I attended another panel in which a paper presented new forms of exploitation ("immaterial labor" as defined by Hardt & Negri?) by way of the internship, as essentially freeing business from having to pay workers for training.

Lastly, I attended two consecutive panels arranged around the same theme: Ontologies of Latin American Politics. These were by far the most engaging a difficult panels of the whole conference for me, partially because they would shift in an out of Spanish.

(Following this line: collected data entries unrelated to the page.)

(* Let $0<p_{\min}\le p_{\max}$ be vectors in $\mathbb{R}^n$ and $\mathcal{D}_p=\{p:p_{\min}\le p\le p_{\max}\}$. Let $\mathcal{I}:\mathbb{R}^n_{\ge0}\to\mathbb{R}^n$ be differentiable and standard, with $\mathcal{I}(\mathcal{D}_p)\subseteq\mathcal{D}_p$, and let $\kappa:\mathbb{R}^n\to\mathbb{R}^m$ be differentiable with $\nabla\kappa(p)\ge0$ having non-zero rows for all $p\in\mathcal{D}_p$. Consider the problem \[ \min_{p\in\mathcal{D}_p}\ \kappa(p)\quad\text{s.t.}\quad p\ge\mathcal{I}(p), \] and assume it is feasible. Then, with $x=\ln p$, $f_0(x)=\kappa(e^x)$ and $f(x)=\ln\mathcal{I}(e^x)$, the equivalent problem $\min_x f_0(x)$ s.t. $x\ge f(x)$ is Fast-Lipschitz, and consequently the unique fixed point $p^\star=\mathcal{I}(p^\star)$ in $\mathcal{D}_p$ is the unique Pareto optimal solution of the original problem (and the iteration $p^{k+1}=\mathcal{I}(p^k)$ converges to it).
   Context: Inequalities are element-wise; $\ln$ and $\exp$ act componentwise. $\mathcal{I}$ is standard if for all $p,q\ge0$: (positivity) $\mathcal{I}(p)>0$; (monotonicity) $p\ge q\Rightarrow\mathcal{I}(p)\ge\mathcal{I}(q)$; (scalability) for all $c>1$, $\mathcal{I}(cp)<c\,\mathcal{I}(p)$. Gradient convention: $[\nabla\kappa(p)]_{ij}=\partial\kappa_j(p)/\partial p_i$. For a vector objective, a feasible $p$ is Pareto optimal (minimization) if no feasible $q$ has $\kappa(q)\le\kappa(p)$, $\kappa(q)\neq\kappa(p)$. A problem $\min g_0(x)$ s.t. $x\ge g(x)$ is Fast-Lipschitz if it admits a unique Pareto optimal solution, namely the unique solution of $x=g(x)$. *)

From Stdlib Require Import Reals.
From mathcomp Require Import all_boot.
Set Implicit Arguments.
Unset Strict Implicit.
Unset Printing Implicit Defensive.
Open Scope R_scope.

Definition vec (n : nat) := 'I_n -> R.

Definition vconst {n} (c : R) : vec n := fun _ => c.
Definition vadd {n} (p q : vec n) : vec n := fun i => p i + q i.
Definition vscale {n} (c : R) (p : vec n) : vec n := fun i => c * p i.
Definition vexp {n} (x : vec n) : vec n := fun i => exp (x i).
Definition vln {n} (p : vec n) : vec n := fun i => ln (p i).

Definition vle {n} (p q : vec n) : Prop := forall i, p i <= q i.
Definition vlt {n} (p q : vec n) : Prop := forall i, p i < q i.

Definition inbox {n} (pmin pmax p : vec n) : Prop := vle pmin p /\ vle p pmax.

(* Linear map given by a matrix J with the convention
   [grad F(p)]_{ij} = d F_j / d p_i, i.e. (J h)_j = sum_i J i j * h i. *)
Definition lin_app {n m} (J : 'I_n -> 'I_m -> R) (h : vec n) : vec m :=
  fun j => \big[Rplus/0]_(i < n) (J i j * h i).

(* (Frechet) differentiability of F at p relative to a domain S (increments h
   with p + h in S), with gradient J, w.r.t. the sup norm. *)
Definition has_gradient_within {n m} (S : vec n -> Prop) (F : vec n -> vec m)
    (p : vec n) (J : 'I_n -> 'I_m -> R) : Prop :=
  forall eps, 0 < eps -> exists delta, 0 < delta /\
    forall h : vec n, S (vadd p h) -> (forall i, Rabs (h i) < delta) ->
      forall r, (forall i, Rabs (h i) <= r) ->
        forall j, Rabs (F (vadd p h) j - F p j - lin_app J h j) <= eps * r.

Definition has_gradient {n m} (F : vec n -> vec m) (p : vec n) J :=
  has_gradient_within (fun _ => True) F p J.

Definition differentiable_on {n m} (S : vec n -> Prop) (F : vec n -> vec m) :=
  forall p, S p -> exists J, has_gradient_within S F p J.

Definition nonneg_orthant {n} (p : vec n) : Prop := vle (vconst 0) p.

Definition standard {n} (I : vec n -> vec n) : Prop :=
  (forall p, nonneg_orthant p -> vlt (vconst 0) (I p)) /\
  (forall p q, nonneg_orthant p -> nonneg_orthant q -> vle q p -> vle (I q) (I p)) /\
  (forall p c, nonneg_orthant p -> 1 < c -> vlt (I (vscale c p)) (vscale c (I p))).

Definition pareto_optimal {n m} (feas : vec n -> Prop) (obj : vec n -> vec m)
    (p : vec n) : Prop :=
  feas p /\ ~ (exists q, feas q /\ vle (obj q) (obj p) /\ obj q <> obj p).

(* The problem  min g0(x)  s.t. x in X, x >= g(x)  is Fast-Lipschitz:
   it admits a unique Pareto optimal solution, namely the unique solution
   (in X) of x = g(x). *)
Definition fast_lipschitz {n m} (X : vec n -> Prop) (g0 : vec n -> vec m)
    (g : vec n -> vec n) : Prop :=
  let feas := fun x => X x /\ vle (g x) x in
  exists xs, (X xs /\ xs = g xs /\ (forall y, X y -> y = g y -> y = xs)) /\
    pareto_optimal feas g0 xs /\
    (forall y, pareto_optimal feas g0 y -> y = xs).

(* A standard function [I] has at most one fixed point, and it is the least
   feasible point [p >= I p].  Iterating [I] from [pmax] and from [pmin] gives monotone orbits in the box whose limits are fixed points, so they
   coincide and squeeze every other orbit.  By the mean value theorem along
   segments, a nonnegative gradient with nonzero rows makes [kappa] monotone and
   injective on comparable points, so the least feasible point is the unique
   Pareto optimum.  Finally [p = exp x] is an order isomorphism onto the positive
   orthant, which carries everything over to the logarithmic problem. *)

From Stdlib Require Import Reals.
From mathcomp Require Import all_boot.
From Stdlib Require Import Lra Lia Psatz ClassicalEpsilon FunctionalExtensionality Classical.
Set Implicit Arguments.
Unset Strict Implicit.
Open Scope R_scope.

Lemma exists_argmax (T : finType) (f : T -> R) (x0 : T) :
  exists k, forall j, f j <= f k.
Proof.
suff [k Hk] : exists k, forall j, j \in enum T -> f j <= f k.
  by exists k => j; apply: Hk; rewrite mem_enum.
elim: (enum T) => [|x s [k Hk]]; first by exists x0 => j; rewrite in_nil.
have [Hxk | Hkx] := Rle_dec (f x) (f k).
  by exists k => j; rewrite in_cons => /orP [/eqP -> | /Hk].
by exists x => j; rewrite in_cons => /orP [/eqP -> | /Hk]; lra.
Qed.

Lemma eventually_forall_fin (T : finType) (P : T -> nat -> Prop) :
  (forall i, exists N, forall k, (N <= k)%coq_nat -> P i k) ->
  exists N, forall i k, (N <= k)%coq_nat -> P i k.
Proof.
move=> HP.
suff [N HN] : exists N, forall i k, i \in enum T -> (N <= k)%coq_nat -> P i k.
  by exists N => i k; apply: HN; rewrite mem_enum.
elim: (enum T) => [|x s [N HN]]; first by exists 0%N => i k; rewrite in_nil.
have [Nx HNx] := HP x.
exists (Nat.max N Nx) => i k; rewrite in_cons => /orP [/eqP -> | Hi] Hk.
  by apply: HNx; lia.
by apply: HN => //; lia.
Qed.

Lemma big_Rplus_ge0 (T : Type) (s : seq T) (F : T -> R) :
  (forall i, 0 <= F i) -> 0 <= \big[Rplus/0]_(i <- s) F i.
Proof. by move=> HF; apply: big_ind => [|x y|i _] //; [lra | exact: Rplus_le_le_0_compat]. Qed.

Lemma big_Rplus_ge_term (T : eqType) (s : seq T) (F : T -> R) k :
  (forall i, 0 <= F i) -> k \in s -> F k <= \big[Rplus/0]_(i <- s) F i.
Proof.
move=> HF; elim: s => [|x s IH] //; rewrite in_cons big_cons => /orP [/eqP -> | Hk].
  by have := @big_Rplus_ge0 _ s _ HF; lra.
by have := IH Hk; have := HF x; lra.
Qed.

Lemma derivable_pt_lim_big_Rplus (T : Type) (s : seq T) (f : T -> R -> R) (f' : T -> R) t :
  (forall j, derivable_pt_lim (f j) t (f' j)) ->
  derivable_pt_lim (fun u => \big[Rplus/0]_(j <- s) f j u) t (\big[Rplus/0]_(j <- s) f' j).
Proof.
move=> Hf; elim: s => [|x s IH].
  have -> : (fun u => \big[Rplus/0]_(j <- [::]) f j u) = fct_cte 0.
    by apply: functional_extensionality => u; rewrite big_nil.
  by rewrite big_nil; exact: derivable_pt_lim_const.
have -> : (fun u => \big[Rplus/0]_(j <- x :: s) f j u) =
          (f x + fun u => \big[Rplus/0]_(j <- s) f j u)%F.
  by apply: functional_extensionality => u; rewrite big_cons.
by rewrite big_cons; exact: derivable_pt_lim_plus.
Qed.

Lemma lin_app_scale {n m} (J : 'I_n -> 'I_m -> R) (d : vec n) c j :
  lin_app J (fun i => c * d i) j = c * lin_app J d j.
Proof.
rewrite /lin_app (big_endo (Rmult c)) => [|x y|]; try ring.
by apply: eq_bigr => i _; ring.
Qed.

Lemma lin_app_ge0 {n m} (J : 'I_n -> 'I_m -> R) (d : vec n) j :
  (forall i, 0 <= J i j) -> (forall i, 0 <= d i) -> 0 <= lin_app J d j.
Proof. by move=> HJ Hd; apply: big_Rplus_ge0 => i; apply: Rmult_le_pos. Qed.

Lemma lin_app_gt0 {n m} (J : 'I_n -> 'I_m -> R) (d : vec n) j i0 :
  (forall i, 0 <= J i j) -> (forall i, 0 <= d i) -> J i0 j <> 0 -> 0 < d i0 ->
  0 < lin_app J d j.
Proof.
move=> HJ Hd HJ0 Hd0.
have Hterm : 0 < J i0 j * d i0 by apply: Rmult_lt_0_compat => //; have := HJ i0; lra.
suff : J i0 j * d i0 <= lin_app J d j by lra.
apply: (@big_Rplus_ge_term _ _ (fun i => J i j * d i)); last exact: mem_index_enum.
by move=> i; apply: Rmult_le_pos.
Qed.

Definition segment {n} (p q : vec n) (s : R) : vec n := fun i => p i + s * (q i - p i).

Lemma segment0 {n} (p q : vec n) : segment p q 0 = p.
Proof. by apply: functional_extensionality => i; rewrite /segment; ring. Qed.

Lemma segment1 {n} (p q : vec n) : segment p q 1 = q.
Proof. by apply: functional_extensionality => i; rewrite /segment; ring. Qed.

Lemma has_gradient_derivable_segment {n m} (F : vec n -> vec m) (p q : vec n) t J j :
  has_gradient F (segment p q t) J ->
  derivable_pt_lim (fun s => F (segment p q s) j) t (lin_app J (fun i => q i - p i) j).
Proof.
move=> HG eps Heps.
set d := fun i => q i - p i.
set M := \big[Rplus/0]_(i <- index_enum 'I_n) Rabs (d i).
have HM : 0 <= M by apply: big_Rplus_ge0 => i; exact: Rabs_pos.
have HdM i : Rabs (d i) <= M.
  apply: (@big_Rplus_ge_term _ _ (fun i => Rabs (d i))); last exact: mem_index_enum.
  by move=> k; exact: Rabs_pos.
set eps' := eps / (2 * (M + 1)).
have Heps'E : eps' * (2 * (M + 1)) = eps by rewrite /eps'; field; lra.
have Heps' : 0 < eps' by rewrite /eps'; apply: Rdiv_lt_0_compat; lra.
have [del [Hdel HD]] := HG _ Heps'.
have Hdel' : 0 < del / (M + 1) by apply: Rdiv_lt_0_compat; lra.
exists (mkposreal _ Hdel') => h Hh0 /= Hh.
have Hhpos : 0 < Rabs h by apply: Rabs_pos_lt.
have HhM : Rabs h * (M + 1) < del.
  by move: Hh; rewrite /Rdiv => /(Rmult_lt_compat_r (M + 1)); rewrite Rmult_assoc Rinv_l; lra.
have Hsmall i : Rabs (h * d i) < del.
  by rewrite Rabs_mult; have := HdM i; have := Rabs_pos (d i); nra.
have HhdM i : Rabs (h * d i) <= Rabs h * M.
  by rewrite Rabs_mult; apply: Rmult_le_compat_l; [exact: Rabs_pos | exact: HdM].
have Hbound := HD (fun i => h * d i) Logic.I Hsmall _ HhdM j.
have Eseg : vadd (segment p q t) (fun i => h * d i) = segment p q (t + h).
  by apply: functional_extensionality => i; rewrite /vadd /segment /d; ring.
rewrite Eseg lin_app_scale in Hbound.
set A := F (segment p q (t + h)) j - F (segment p q t) j in Hbound *.
have Hdiv : Rabs (A / h - lin_app J d j) * Rabs h = Rabs (A - h * lin_app J d j).
  by rewrite -Rabs_mult; congr Rabs; field.
nra.
Qed.

Lemma inbox_segment {n} (pmin pmax p q : vec n) s :
  inbox pmin pmax p -> inbox pmin pmax q -> 0 <= s <= 1 -> inbox pmin pmax (segment p q s).
Proof.
move=> [Hp1 Hp2] [Hq1 Hq2] Hs; split=> i;
  by have := Hp1 i; have := Hp2 i; have := Hq1 i; have := Hq2 i; rewrite /segment; nra.
Qed.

The one thing I found rather troubling was that several participants were overemphasizing the post-Fordist turn (a move away from centralized state planning in economic matters and assembly-line production) in the economies of Latin America. Whilst I think this was definitely clear in places like Argentine and Chile where the neo-liberal changes were imposed in the latter by an authoritarian government. One of the panelists persisted in getting into an argument with one of the older interlocutors both in discussing the political significance of the "death" of the political subject, i.e. the industrial worker. I have to say that any attempt to generalize the post-Fordist condition outside the West is highly suspect, particularly into places where the disaggregated Fordist manufacturing is dispersed into. Certainly, we also see mechanisms like the World Bank and the International Monetary Fund training peoples of the "underdeveloped" world into neo-liberal mindsets instructing them to think of themselves like the subjects of game theory scenarios or performing "cost-benefit analysis" for all decisions, not to mention the Grameen Bank model of micro-capital. Despite these distributions the actual predominance of "immaterial labor" does not seem to fit economies still residing with neo-feudal arrangements, the fragments of the West's exported Fordism, and massive informal markets.

Overall though I was fascinated by panelists addressing different elements of this question of the ontology of politics in Latin America, in particular was a paper discussing the development of ideas of "human capital" in Chile, and the necessary rejection of humanism when new labor practices obliterate the difference between "meaning" and "action." Another paper attempted to reject the neo-Hegelian strain of some contemporary Marxisms, arguing against considering the present as "radical negativity" and instead in terms of "ontology," a theory of being in order to offer critiques of things like the bureaucratic classes. The connection between the reasoning here was not altogether clear to me , but it was a surprisingly cogent response to the persistent pull on Hegel as the sort of axiom by which Marx becomes a better philosopher.